● YOUR TASK
First find the line with "by rewrite mulrzDl" in the entries below, then set down exactly every line through the line with "Variables (f : U -> W) (f_lin : is_linear f).", that line included.

● EXERCISE DATA
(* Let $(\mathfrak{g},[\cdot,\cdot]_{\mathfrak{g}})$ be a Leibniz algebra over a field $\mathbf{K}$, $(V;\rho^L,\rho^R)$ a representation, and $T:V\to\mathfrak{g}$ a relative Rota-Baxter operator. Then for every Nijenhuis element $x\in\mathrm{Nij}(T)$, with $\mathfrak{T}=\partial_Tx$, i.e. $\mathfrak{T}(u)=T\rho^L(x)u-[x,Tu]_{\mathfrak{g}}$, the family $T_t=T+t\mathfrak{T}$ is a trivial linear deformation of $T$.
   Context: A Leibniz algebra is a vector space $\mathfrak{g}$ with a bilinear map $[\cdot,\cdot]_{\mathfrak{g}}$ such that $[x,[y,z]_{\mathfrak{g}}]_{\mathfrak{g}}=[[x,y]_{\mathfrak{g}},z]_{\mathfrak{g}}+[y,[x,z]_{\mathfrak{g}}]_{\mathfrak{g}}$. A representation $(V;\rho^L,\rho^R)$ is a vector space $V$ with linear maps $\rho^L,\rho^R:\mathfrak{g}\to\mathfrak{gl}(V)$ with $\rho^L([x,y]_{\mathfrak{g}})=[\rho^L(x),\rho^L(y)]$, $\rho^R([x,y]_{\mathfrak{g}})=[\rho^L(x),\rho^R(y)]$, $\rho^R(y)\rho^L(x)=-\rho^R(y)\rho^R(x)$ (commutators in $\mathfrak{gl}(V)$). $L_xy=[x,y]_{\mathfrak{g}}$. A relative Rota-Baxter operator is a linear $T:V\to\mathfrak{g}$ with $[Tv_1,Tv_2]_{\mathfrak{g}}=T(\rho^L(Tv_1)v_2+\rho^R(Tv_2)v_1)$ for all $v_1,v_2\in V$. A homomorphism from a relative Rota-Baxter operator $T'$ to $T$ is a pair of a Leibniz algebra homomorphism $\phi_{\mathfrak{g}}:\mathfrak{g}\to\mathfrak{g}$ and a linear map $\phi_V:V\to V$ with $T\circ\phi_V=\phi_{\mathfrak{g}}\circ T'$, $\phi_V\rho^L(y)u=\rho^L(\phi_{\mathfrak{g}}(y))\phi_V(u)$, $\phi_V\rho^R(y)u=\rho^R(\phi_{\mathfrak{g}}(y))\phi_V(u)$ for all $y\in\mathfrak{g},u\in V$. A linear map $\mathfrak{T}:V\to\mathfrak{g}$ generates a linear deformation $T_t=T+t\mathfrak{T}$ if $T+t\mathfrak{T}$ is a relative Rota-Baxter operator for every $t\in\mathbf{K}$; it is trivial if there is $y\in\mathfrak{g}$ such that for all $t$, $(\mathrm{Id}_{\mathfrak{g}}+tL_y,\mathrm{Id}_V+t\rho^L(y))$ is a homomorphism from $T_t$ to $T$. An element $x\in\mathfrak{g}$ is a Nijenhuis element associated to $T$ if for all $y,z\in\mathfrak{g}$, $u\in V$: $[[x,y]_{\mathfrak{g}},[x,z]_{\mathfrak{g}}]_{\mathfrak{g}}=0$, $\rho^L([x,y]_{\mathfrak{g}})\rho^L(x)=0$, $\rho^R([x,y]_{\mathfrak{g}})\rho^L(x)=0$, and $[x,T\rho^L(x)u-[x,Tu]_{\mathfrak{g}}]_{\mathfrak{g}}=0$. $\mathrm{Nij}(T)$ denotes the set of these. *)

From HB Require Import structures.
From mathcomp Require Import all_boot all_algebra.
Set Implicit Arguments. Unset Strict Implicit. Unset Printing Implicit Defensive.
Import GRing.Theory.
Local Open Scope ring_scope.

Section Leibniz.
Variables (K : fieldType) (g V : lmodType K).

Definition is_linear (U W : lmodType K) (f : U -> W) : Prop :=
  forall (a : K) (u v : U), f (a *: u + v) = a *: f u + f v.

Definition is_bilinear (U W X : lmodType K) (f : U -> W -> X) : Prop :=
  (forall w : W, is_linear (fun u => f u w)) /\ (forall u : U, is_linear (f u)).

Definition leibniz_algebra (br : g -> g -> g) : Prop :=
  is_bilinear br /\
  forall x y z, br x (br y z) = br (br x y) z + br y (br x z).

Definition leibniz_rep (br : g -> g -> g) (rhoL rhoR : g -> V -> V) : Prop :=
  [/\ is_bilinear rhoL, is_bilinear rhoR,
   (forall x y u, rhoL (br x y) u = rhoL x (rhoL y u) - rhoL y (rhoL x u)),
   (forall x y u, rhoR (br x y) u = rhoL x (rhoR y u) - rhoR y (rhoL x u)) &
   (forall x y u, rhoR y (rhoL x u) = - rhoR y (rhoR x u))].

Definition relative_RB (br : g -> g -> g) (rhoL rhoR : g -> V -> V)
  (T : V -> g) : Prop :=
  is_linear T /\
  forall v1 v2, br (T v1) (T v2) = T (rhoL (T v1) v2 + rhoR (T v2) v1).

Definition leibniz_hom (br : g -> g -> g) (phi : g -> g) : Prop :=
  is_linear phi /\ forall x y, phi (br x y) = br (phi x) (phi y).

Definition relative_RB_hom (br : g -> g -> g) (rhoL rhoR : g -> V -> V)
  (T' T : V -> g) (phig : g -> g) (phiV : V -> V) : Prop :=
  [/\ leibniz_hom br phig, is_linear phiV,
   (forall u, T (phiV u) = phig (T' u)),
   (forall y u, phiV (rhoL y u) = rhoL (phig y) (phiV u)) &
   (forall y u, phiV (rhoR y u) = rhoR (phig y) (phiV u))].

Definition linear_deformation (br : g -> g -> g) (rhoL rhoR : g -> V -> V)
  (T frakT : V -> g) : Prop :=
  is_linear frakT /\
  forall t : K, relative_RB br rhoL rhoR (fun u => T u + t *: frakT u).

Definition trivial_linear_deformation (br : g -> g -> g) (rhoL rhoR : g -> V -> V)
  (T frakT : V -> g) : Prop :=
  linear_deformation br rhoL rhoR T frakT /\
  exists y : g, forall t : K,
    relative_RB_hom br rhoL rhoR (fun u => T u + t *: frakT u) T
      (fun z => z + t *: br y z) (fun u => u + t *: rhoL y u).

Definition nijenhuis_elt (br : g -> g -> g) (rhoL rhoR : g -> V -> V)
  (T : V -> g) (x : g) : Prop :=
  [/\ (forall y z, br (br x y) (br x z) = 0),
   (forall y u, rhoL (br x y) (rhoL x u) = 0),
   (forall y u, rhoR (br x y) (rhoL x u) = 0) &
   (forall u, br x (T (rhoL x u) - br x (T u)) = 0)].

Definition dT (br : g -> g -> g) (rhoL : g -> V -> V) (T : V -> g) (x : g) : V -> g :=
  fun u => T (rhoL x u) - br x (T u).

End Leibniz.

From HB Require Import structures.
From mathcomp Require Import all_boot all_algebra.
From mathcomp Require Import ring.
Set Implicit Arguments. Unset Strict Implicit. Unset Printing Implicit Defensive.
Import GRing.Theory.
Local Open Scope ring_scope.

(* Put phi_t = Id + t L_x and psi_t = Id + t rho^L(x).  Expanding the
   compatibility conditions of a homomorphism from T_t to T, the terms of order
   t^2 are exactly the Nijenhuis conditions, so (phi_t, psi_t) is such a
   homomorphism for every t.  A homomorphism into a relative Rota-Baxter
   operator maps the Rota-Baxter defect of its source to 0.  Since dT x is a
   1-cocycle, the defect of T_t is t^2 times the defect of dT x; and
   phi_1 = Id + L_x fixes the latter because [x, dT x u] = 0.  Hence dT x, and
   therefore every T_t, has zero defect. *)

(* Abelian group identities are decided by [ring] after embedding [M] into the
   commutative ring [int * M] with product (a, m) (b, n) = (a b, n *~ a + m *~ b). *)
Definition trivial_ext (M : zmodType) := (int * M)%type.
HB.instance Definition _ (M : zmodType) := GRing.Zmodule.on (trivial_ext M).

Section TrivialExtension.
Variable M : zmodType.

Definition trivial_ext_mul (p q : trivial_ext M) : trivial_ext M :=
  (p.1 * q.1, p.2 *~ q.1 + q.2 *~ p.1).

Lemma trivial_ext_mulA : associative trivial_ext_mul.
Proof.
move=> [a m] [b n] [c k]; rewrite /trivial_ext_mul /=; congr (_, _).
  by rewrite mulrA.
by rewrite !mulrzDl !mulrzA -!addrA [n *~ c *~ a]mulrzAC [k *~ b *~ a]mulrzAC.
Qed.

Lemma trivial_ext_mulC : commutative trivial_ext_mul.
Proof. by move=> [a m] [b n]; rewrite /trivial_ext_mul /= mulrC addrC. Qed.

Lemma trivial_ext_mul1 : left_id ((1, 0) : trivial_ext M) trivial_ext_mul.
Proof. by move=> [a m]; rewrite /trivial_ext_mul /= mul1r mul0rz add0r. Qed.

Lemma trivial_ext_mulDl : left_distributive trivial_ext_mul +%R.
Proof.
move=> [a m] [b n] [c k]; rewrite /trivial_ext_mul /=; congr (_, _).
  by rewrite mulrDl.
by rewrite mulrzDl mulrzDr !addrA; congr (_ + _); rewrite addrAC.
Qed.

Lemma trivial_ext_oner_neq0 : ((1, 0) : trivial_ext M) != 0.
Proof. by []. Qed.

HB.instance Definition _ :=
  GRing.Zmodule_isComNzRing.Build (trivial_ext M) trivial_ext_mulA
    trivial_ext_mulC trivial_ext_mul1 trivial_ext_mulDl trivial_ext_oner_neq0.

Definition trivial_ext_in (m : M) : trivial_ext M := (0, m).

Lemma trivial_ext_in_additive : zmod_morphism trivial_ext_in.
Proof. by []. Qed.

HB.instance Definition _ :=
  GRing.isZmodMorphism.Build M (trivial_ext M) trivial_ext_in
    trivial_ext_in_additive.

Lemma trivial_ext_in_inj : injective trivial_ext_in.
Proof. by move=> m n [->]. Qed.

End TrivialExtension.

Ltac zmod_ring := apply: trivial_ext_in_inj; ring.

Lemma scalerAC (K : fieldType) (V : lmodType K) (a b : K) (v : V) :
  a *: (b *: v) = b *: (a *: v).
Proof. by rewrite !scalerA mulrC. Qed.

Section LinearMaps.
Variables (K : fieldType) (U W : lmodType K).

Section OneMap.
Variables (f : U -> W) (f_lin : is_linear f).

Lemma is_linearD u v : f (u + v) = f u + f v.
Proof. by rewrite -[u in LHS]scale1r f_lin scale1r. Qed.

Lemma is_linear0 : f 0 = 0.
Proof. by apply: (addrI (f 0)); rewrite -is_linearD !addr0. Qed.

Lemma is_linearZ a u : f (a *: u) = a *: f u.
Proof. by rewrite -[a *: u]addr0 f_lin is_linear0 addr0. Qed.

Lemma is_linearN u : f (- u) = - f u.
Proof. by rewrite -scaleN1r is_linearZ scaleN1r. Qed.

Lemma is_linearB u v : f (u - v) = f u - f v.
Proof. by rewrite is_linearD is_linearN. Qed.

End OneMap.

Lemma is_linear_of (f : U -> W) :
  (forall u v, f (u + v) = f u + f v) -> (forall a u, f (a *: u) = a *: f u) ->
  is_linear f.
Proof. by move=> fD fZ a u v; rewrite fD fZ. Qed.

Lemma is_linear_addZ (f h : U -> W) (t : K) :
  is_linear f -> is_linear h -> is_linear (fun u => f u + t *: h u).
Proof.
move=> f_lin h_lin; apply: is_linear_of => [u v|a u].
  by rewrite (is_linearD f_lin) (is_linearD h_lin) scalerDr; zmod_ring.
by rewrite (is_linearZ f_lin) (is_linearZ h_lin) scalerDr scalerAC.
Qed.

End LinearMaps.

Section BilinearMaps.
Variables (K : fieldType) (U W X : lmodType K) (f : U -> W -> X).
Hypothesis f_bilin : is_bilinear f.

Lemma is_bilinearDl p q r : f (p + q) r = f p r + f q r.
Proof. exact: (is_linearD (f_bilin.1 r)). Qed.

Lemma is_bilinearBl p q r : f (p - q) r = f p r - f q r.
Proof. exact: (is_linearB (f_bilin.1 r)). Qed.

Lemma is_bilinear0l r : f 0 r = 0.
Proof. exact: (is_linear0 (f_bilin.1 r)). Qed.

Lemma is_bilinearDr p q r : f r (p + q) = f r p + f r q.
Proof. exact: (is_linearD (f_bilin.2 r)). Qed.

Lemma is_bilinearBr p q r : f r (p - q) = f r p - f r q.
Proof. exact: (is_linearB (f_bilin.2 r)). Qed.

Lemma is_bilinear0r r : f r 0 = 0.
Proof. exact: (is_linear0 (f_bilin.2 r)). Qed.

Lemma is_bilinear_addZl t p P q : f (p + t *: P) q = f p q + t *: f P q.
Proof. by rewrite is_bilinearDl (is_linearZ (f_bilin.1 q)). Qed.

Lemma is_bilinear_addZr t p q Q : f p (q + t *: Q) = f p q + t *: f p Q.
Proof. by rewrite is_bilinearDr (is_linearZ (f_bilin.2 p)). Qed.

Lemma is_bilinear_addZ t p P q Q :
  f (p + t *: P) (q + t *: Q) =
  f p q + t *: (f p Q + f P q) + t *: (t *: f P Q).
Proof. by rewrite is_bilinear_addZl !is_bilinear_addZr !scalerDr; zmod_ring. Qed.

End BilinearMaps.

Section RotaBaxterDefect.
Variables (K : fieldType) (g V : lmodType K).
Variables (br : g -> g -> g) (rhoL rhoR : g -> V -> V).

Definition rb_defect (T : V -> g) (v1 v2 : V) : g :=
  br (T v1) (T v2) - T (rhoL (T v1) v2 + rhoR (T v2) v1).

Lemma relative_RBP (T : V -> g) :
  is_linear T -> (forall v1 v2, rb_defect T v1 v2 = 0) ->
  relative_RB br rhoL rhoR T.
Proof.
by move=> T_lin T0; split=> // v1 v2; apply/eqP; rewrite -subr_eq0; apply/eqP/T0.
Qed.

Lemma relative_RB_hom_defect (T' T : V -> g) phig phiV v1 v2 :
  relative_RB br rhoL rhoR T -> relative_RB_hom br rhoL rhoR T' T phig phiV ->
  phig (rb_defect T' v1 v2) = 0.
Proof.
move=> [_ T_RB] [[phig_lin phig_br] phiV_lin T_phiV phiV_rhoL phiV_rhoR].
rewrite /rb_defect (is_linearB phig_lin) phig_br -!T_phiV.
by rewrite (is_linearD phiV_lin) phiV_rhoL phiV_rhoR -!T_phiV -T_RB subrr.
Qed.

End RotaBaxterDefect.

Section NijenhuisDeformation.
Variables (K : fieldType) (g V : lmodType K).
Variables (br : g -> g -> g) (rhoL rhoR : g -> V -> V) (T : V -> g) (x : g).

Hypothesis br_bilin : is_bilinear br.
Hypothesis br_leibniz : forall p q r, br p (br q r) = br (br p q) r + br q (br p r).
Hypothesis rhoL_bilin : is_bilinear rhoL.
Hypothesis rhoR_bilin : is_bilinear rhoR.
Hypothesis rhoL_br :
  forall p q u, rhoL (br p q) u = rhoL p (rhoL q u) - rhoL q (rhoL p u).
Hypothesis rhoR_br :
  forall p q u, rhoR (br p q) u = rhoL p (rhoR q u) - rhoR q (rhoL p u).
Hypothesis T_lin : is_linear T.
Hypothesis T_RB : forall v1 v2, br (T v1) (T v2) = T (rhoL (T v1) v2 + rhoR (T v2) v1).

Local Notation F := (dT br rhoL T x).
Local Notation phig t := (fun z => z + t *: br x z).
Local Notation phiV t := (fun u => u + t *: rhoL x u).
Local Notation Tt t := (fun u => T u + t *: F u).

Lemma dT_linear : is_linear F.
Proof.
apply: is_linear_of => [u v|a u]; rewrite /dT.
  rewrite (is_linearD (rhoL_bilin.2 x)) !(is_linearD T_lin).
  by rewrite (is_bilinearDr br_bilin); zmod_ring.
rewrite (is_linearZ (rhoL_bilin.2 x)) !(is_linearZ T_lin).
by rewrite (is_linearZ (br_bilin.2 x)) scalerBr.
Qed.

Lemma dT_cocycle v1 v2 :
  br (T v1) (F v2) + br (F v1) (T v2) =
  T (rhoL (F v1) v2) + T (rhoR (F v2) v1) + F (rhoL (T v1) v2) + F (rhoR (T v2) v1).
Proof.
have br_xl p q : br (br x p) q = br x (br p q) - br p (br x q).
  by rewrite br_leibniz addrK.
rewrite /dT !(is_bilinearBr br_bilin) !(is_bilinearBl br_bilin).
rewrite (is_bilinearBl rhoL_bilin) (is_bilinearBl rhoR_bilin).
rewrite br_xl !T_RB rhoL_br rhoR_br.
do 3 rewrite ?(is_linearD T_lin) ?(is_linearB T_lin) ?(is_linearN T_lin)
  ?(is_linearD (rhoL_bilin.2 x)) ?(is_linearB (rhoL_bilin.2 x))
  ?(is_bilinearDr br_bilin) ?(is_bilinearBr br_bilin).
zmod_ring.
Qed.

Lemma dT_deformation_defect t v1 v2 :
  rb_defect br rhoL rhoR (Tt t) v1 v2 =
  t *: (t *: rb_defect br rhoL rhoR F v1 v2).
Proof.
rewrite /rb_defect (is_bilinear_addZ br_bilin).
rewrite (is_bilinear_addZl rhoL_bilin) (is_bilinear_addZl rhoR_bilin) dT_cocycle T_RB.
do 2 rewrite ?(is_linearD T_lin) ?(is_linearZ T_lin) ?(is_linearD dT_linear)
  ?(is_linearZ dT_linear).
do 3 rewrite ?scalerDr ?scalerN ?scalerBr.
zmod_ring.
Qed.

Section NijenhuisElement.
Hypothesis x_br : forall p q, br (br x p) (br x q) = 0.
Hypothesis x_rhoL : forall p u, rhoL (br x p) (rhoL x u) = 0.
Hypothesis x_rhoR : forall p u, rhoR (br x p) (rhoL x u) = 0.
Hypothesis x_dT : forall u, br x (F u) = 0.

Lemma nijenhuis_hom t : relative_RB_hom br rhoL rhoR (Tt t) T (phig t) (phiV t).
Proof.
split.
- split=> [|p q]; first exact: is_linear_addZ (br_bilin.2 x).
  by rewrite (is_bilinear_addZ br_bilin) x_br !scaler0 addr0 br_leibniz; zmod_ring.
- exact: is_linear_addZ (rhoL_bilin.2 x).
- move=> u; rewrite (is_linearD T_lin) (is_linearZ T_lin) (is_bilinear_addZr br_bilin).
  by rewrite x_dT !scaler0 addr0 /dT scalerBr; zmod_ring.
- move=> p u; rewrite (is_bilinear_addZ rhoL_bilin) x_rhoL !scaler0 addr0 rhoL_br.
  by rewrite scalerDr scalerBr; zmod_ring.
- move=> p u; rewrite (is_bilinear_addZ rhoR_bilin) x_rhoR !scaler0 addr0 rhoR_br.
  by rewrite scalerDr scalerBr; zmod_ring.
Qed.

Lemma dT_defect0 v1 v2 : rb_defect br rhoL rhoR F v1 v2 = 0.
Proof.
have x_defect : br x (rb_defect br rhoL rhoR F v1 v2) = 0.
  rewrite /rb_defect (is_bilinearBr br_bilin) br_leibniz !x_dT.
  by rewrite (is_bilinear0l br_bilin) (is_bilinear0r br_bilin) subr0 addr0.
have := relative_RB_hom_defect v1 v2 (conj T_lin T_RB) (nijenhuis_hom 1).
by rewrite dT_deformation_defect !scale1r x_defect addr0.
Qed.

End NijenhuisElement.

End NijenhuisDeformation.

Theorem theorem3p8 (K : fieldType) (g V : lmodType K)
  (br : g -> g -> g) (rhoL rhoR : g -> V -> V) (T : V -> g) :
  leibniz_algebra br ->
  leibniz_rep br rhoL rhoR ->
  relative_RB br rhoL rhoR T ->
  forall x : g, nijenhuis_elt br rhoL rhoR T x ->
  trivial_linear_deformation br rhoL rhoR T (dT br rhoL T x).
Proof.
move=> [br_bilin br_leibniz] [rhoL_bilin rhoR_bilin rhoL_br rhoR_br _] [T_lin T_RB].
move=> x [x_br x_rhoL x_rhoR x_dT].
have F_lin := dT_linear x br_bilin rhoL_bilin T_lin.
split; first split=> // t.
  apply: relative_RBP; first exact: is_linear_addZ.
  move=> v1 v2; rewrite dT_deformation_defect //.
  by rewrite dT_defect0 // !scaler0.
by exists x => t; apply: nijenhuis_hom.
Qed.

● RESULT OF THIS TASK
by rewrite mulrzDl mulrzDr !addrA; congr (_ + _); rewrite addrAC.
Qed.

Lemma trivial_ext_oner_neq0 : ((1, 0) : trivial_ext M) != 0.
Proof. by []. Qed.

HB.instance Definition _ :=
  GRing.Zmodule_isComNzRing.Build (trivial_ext M) trivial_ext_mulA
    trivial_ext_mulC trivial_ext_mul1 trivial_ext_mulDl trivial_ext_oner_neq0.

Definition trivial_ext_in (m : M) : trivial_ext M := (0, m).

Lemma trivial_ext_in_additive : zmod_morphism trivial_ext_in.
Proof. by []. Qed.

HB.instance Definition _ :=
  GRing.isZmodMorphism.Build M (trivial_ext M) trivial_ext_in
    trivial_ext_in_additive.

Lemma trivial_ext_in_inj : injective trivial_ext_in.
Proof. by move=> m n [->]. Qed.

End TrivialExtension.

Ltac zmod_ring := apply: trivial_ext_in_inj; ring.

Lemma scalerAC (K : fieldType) (V : lmodType K) (a b : K) (v : V) :
  a *: (b *: v) = b *: (a *: v).
Proof. by rewrite !scalerA mulrC. Qed.

Section LinearMaps.
Variables (K : fieldType) (U W : lmodType K).

Section OneMap.
Variables (f : U -> W) (f_lin : is_linear f).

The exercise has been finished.